California also reached that dubious milestone Friday, according to data compiled by AAA, which showed a more than 13-cent increase in a single day pushed the statewide average to about $5.07.

It was even pricier in San Diego, which moved to about $5.10 on average after its own increase of around 13 cents.

Both the state and county gas price averages have been on a steady march toward the symbolic $5 average, setting and then surpassing new records for the most expensive average gallon over the past month.

There are multiple reasons why gas prices are so high right now, according to experts, with Russia’s invasion of Ukraine dealing the latest blow to consumers. That financial pain is being felt across the country, with the national average increasing 11 cents since Monday.

“Crude prices continue to surge as the conflict between Ukraine and Russia continues to bring uncertainty to the market. To help counter the impact of rising oil prices, the International Energy Agency (IEA) has coordinated a release of 60 million bbl of crude oil from its 31 member countries’ strategic reserves, including the U.S.,” AAA explained in a Thursday blog post.

“However, the pricing impact from yesterday’s announcement has been limited given that the amount of oil is small in comparison to the amount of oil that flows daily from Russia around the globe.”
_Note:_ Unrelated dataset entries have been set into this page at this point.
Lemma countP_compl P l : countP P l + countP (fun x => ~ P x) l = length l.
Proof.
  induction l as [|x l IH]; simpl; auto.
  destruct (classic (P x)) as [p|p].
  - rewrite indicator_true, indicator_false; auto. lia.
  - rewrite indicator_false, indicator_true; auto. lia.
Qed.

Lemma countP_pos P l : 0 < countP P l <-> exists x, In x l /\ P x.
Proof.
  induction l as [|x l IH]; simpl.
  - split; [lia | intros [? [[] _]]].
  - destruct (classic (P x)) as [p|p].
    + rewrite indicator_true by auto. split; [eauto | lia].
    + rewrite indicator_false by auto. rewrite IH. split.
      * intros [y [? ?]]; eauto.
      * intros [y [[<-|?] ?]]; [contradiction | eauto].
Qed.

Lemma countP_lt_length P l : countP P l < length l <-> exists x, In x l /\ ~ P x.
Proof. rewrite <- countP_pos. pose proof (countP_compl P l). lia. Qed.

Lemma countP_eq1 P l :
  NoDup l -> countP P l = 1 -> exists! x, In x l /\ P x.
Proof.
  induction l as [|x l IH]; simpl; intros ND H1; [lia|].
  inversion ND as [|? ? x_notin ND']; subst.
  destruct (classic (P x)) as [p|p].
  - rewrite indicator_true in H1 by auto.
    exists x. split; [auto|]. intros y [[<-|Iy] Py]; [reflexivity|].
    exfalso. assert (0 < countP P l) by (apply countP_pos; eauto). lia.
  - rewrite indicator_false in H1 by auto.
    destruct (IH ND' H1) as [y [[Iy Py] uniq]].
    exists y. split; [auto|]. intros z [[<-|Iz] Pz]; [contradiction | auto].
Qed.
Section SpectrumOfGradientJacobian.
Variables (R : realType) (m : nat) (S : {set 'I_m}) (g w : 'rV[R]_m) (M : 'M[R]_m).
Hypotheses (g_S : forall i, i \in S -> g 0 i = 0)
  (w_notS : forall i, i \notin S -> w 0 i = 0) (w_S : forall i, i \in S -> 0 < w 0 i)
  (M_sym : M^T = M) (M_nsd : forall x : 'cV_m, (x^T *m M *m x) 0 0 <= 0).
Local Notation J := (diag_mx g + diag_mx w *m M).
Local Notation A := (reduced_mx S M w).

Lemma ceigen_reduction z :
  ceigen J z <-> (exists2 i, i \notin S & z = (g 0 i)%:C%C) \/ ceigen A z.
Proof.
rewrite /ceigen map_mxD map_mxM !map_diag_mx map_reduced_mx.
have gC_S i : i \in S -> (map_mx (real_complex R) g) 0 i = 0 by move=> iS; rewrite mxE g_S.
have wC_notS i : i \notin S -> (map_mx (real_complex R) w) 0 i = 0.
  by move=> iS; rewrite mxE w_notS.
have wC_S i : i \in S -> (map_mx (real_complex R) w) 0 i != 0.
  by move=> iS; rewrite mxE fmorph_eq0 gt_eqF ?w_S.
split=> [/(eigenvalue_reduction gC_S wC_notS wC_S)|[[i iS ->]|]].
- by case=> [[i iS ->]|]; [left; exists i; rewrite ?mxE|right].
- have := eigenvalue_outside (map_mx (real_complex R) g) (map_mx (real_complex R) M)
    wC_notS iS.
  by rewrite mxE.
- exact: eigenvalue_reduced_sub gC_S wC_notS wC_S z.
Qed.
(* Let $a<0$, $b>0$, $k>0$, and let $M:\mathbb{R}^2\to\mathbb{R}^2$ be $C^2$ with $M(0)=0$ and $M'(0)=0$. For $\varepsilon>0$ consider the impacting system $$\begin{pmatrix}\dot x\\ \dot y\end{pmatrix}=\begin{pmatrix}ax-by\\ bx+ay\end{pmatrix}+M(x,y)\quad\text{if } y-\varepsilon<0,\qquad x\mapsto -k\varepsilon\ (\text{$y$ unchanged})\quad\text{if } y-\varepsilon=0.$$ If $$\frac{a}{b}\cdot\frac{3\pi}{2}-\frac{a}{b}\,\mathrm{arccot}(-k)+\frac12\ln(1+k^2)>\frac{a}{b}\Big(-\frac{\pi}{2}\Big)-\frac{a}{b}\,\mathrm{arccot}\Big(-\frac{a}{b}\Big)+\frac12\ln\Big(1+\frac{a^2}{b^2}\Big),$$ then for all sufficiently small $\varepsilon>0$ the system admits a finite-time stable limit cycle $(x_\varepsilon(t),y_\varepsilon(t))$ with exactly one impact per period, which shrinks to the origin as $\varepsilon\to0$.
   Context: $\mathrm{arccot}$ takes values in $(0,\pi)$. A periodic orbit is finite-time stable if every trajectory starting in a sufficiently small neighborhood of it coincides with the periodic orbit (up to a time shift) after finite time. *)

From Stdlib Require Import Reals Lra.
Open Scope R_scope.

(* arccot with values in (0, PI) *)
Definition arccot (x : R) : R := PI / 2 - atan x.

Definition dist2 (p q : R * R) : R :=
  sqrt ((fst p - fst q) ^ 2 + (snd p - snd q) ^ 2).

Definition cont2 (g : R * R -> R) : Prop :=
  forall p e, 0 < e -> exists d, 0 < d /\
    forall q, dist2 q p < d -> Rabs (g q - g p) < e.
Beyond geopolitical strife, experts say the surging prices can be explained in part by a simple case of supply and demand: “An increase in gas demand, alongside a reduction in total supply, is contributing to price increases,” AAA said.

There are other factors that always drive high prices in California: The state has a Cap-and-Trade program that requires big greenhouse gas emitters – like oil and gas refineries – to offset their emissions by purchasing carbon credits. California also requires specific blends of gasoline to minimize pollution, which are more expensive. Those costs are passed on to consumers.

California’s gas tax is second-highest in the nation at 51.1 cents for each gallon. And its relative geographic isolation from oil pipelines makes it less flexible and more costly to get gas to consumers.

During the surge in prices, locals are seeking deals and thinking more strategically about where they fill up. Over the past week, “Costco gas price” and “Gasbuddy” were among the top gasoline-related search terms that San Diego residents typed into Google. Gasbuddy is a website and mobile app that helps residents find deals in their immediate area. Costco is known for its relatively low pump prices, though you have to have a membership to fill up.

According to the app, an Arco on Grand Avenue in Escondido had the cheapest gallon of gas in the San Diego region as of Friday morning at $4.23. The lowest price at a Costco was $4.49 at the Center Drive location in San Marcos.